UN and Nato officials, in charge of Kosovo since the 1998-1999 war over the territory between Serbs and ethnic Albanians, said they hoped to stabilise a relative calm after the unrest left 28 dead, 600 injured and 3,600 homeless.
“This was a setback,” said Harri Holkeri, the chief UN administrator for the province. “But this is not the end,” he added, pledging not to be deterred by the mobs in efforts to create a functioning multi-ethnic society.
Meanwhile, UN investigators searched the rubble of burnt Serb homes and churches, looking for clues that could point to the instigators of the violence.
Officers examined the gutted structures, some of which were spray-painted with the names of ethnic Albanians anxious to claim the properties as their own.
International condemnation of the violence induced local ethnic Albanian leaders to speak out against the turmoil and call for a halt to the rioting. Kosovo’s government also set up a fund to repair the 110 homes and 16 churches destroyed by the ethnic Albanian mobs.
The violence underscored the divisions polarising Kosovo’s mostly Muslim ethnic Albanians, who want independence from Serbia, and Orthodox Christian Serbs, a minority in Kosovo, who consider the province their ancient homeland and want it to remain part of Serbia.
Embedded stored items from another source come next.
Lemma connect_ball G (v u : 'I_(gn G)) : connect (gadj G) v u -> exists r, u \in ball G r v.
Proof.
have walk p x r : x \in ball G r v -> path (gadj G) x p -> exists r', last x p \in ball G r' v.
  elim: p x r => [|w p IHp] x r xB /=; first by exists r.
  by case/andP=> xw; apply: IHp; apply: ball_adj xB xw.
by case/connectP=> p vp ->; apply: walk vp; apply: (ball_center 0).
Qed.

Lemma connected_const G (T : eqType) (f : 'I_(gn G) -> T) :
  (forall u w, connect (gadj G) u w) -> (forall u w, gadj G u w -> f u = f w) ->
  forall u w, f u = f w.
Proof.
move=> conn fE u w; have clf : closed (gadj G) [pred z | f z == f u].
  by move=> z z' /fE; rewrite !inE => ->.
by have := closed_connect clf (conn u w); rewrite !inE eqxx => /esym/eqP ->.
Qed.

(* The witness is the graph distance to [v]. *)
Lemma connected_potential G (v : 'I_(gn G)) :
  symmetric (gadj G) -> (forall u, connect (gadj G) v u) ->
  exists d : 'I_(gn G) -> nat, forall u,
    if d u == 0 then u = v else [exists w, gadj G u w && (d w < d u)].
Proof.
move=> sym conn; pose d u := ex_minn (connect_ball (conn u)).
have dB u : u \in ball G (d u) v by rewrite /d; case: ex_minnP.
have dmin u r : u \in ball G r v -> d u <= r by rewrite /d; case: ex_minnP => m _ /[apply].
exists d => u; move: (dB u); case: (d u) (dmin u) => [|r] dmin_u /=.
  by rewrite inE => /eqP.
rewrite inE => /orP[/dmin_u|]; first by rewrite ltnn.
rewrite inE => /existsP[w /andP[wB wu]]; apply/existsP; exists w.
by rewrite sym wu ltnS dmin.
Qed.

Section SameView.
Variables (L : Type) (r : nat).
Variables (G1 : graph) (id1 : 'I_(gn G1) -> nat) (l1 : 'I_(gn G1) -> L) (v1 : 'I_(gn G1)).
Variables (G2 : graph) (id2 : 'I_(gn G2) -> nat) (l2 : 'I_(gn G2) -> L) (v2 : 'I_(gn G2)).

Lemma same_view_center :
  same_view L r G1 id1 l1 v1 G2 id2 l2 v2 -> id2 v2 = id1 v1 /\ l2 v2 = l1 v1.
Proof. by case=> f [<- fB _ _]; have [_ -> ->] := fB v1 (ball_center r v1). Qed.

Lemma same_view1_exists (P : L -> bool) : same_view L 1 G1 id1 l1 v1 G2 id2 l2 v2 ->
  [exists w, gadj G1 v1 w && P (l1 w)] = [exists w, gadj G2 v2 w && P (l2 w)].
Proof.
case=> f [fv fB fsurj fadj]; apply/existsP/existsP => -[w /andP[vw Pw]].
  have wB : w \in ball G1 1 v1 by rewrite mem_ball1 vw orbT.
  have [_ _ lw] := fB w wB; exists (f w).
  by rewrite lw -fv fadj ?ball_center ?vw.
have [u uB fu] := fsurj w ltac:(by rewrite mem_ball1 vw orbT).
have [_ _ lu] := fB u uB; exists u.
by rewrite -fadj ?ball_center // fv fu vw -lu fu.
Qed.

Lemma same_view1_forall (P : L -> bool) : same_view L 1 G1 id1 l1 v1 G2 id2 l2 v2 ->
  [forall w, gadj G1 v1 w ==> P (l1 w)] = [forall w, gadj G2 v2 w ==> P (l2 w)].
Proof.
move=> /(same_view1_exists (predC P)) E; apply/negb_inj; rewrite !negb_forall.
under eq_existsb do rewrite negb_imply.
under [in RHS]eq_existsb do rewrite negb_imply.
exact: E.
Qed.

End SameView.

Definition unary (T : countType) (x : T) : seq bool := nseq (pickle x) true.

Definition ununary (T : countType) (x0 : T) (s : seq bool) : T := odflt x0 (unpickle (size s)).

Lemma unaryK (T : countType) (x0 : T) : cancel (@unary T) (ununary x0).
Proof. by move=> x; rewrite /ununary /unary size_nseq pickleK. Qed.

Lemma unary_inj (T : countType) : injective (@unary T).
Proof. by move=> x y /(congr1 (ununary x)); rewrite !unaryK. Qed.

Definition cont_cert (s : seq bool) : seq (seq bool) * nat := ununary ([::], 0) s.

Definition cont_verifier : algo (cont_input * seq bool) bool := fun G _ l v =>
  let S := (cont_cert (l v).2).1 in
  let d := (cont_cert (l v).2).2 in
  [&& (l v).1.1 \in S,
      [forall w, gadj G v w ==> ((cont_cert (l w).2).1 == S)] &
      if d == 0 then S \in (l v).1.2
      else [exists w, gadj G v w && ((cont_cert (l w).2).2 < d)]].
Serbia’s Prime Minister Vojislav Kostunica said a division of Kosovo along ethnic lines was the only long-term solution for the province. Kosovo’s Prime Minister Bajram Rexhepi rejected the proposal, as did the UN.
The unrest began after two ethnic Albanian children drowned in an incident blamed on the Serb minority in Cabra, located 25 miles north of Kosovo’s capital, Pristina and just outside Kosovska Mitrovica, the tense and ethnically divided city where the riots started.
Authorities overwhelmed by the rioting and lawlessness have been unable to investigate the incident and verify claims by a 13-year-old survivor, Fitim Veseli, that a group of Serbs with a dog chased the children into the Ibar River.
Divers were still searching for the body of a third child, a nine-year-old boy missing since the incident.
Russian President Vladimir Putin called the recent violence against Serbs “ethnic cleansing” and called for protection for the dwindling Christian community in Kosovo.
Nato bolstered its 18,500-member peacekeeping force with reinforcements from Britain, Austria, Denmark, Germany, France, Italy and the US.
The reinforced units fanned out throughout the province to stem the worst escalation of violence since the full-blown conflict in 1999.
That war killed an estimated 10,000 people, mostly ethnic Albanians, and ended with Nato intervening against the Serbs, then led by former President Slobodan Milosevic who had ordered a crackdown on ethnic Albanian separatists.
Kosovo has since been an international protectorate, whose final status is to be decided by the UN.
For now, it officially remains a part of Serbia-Montenegro.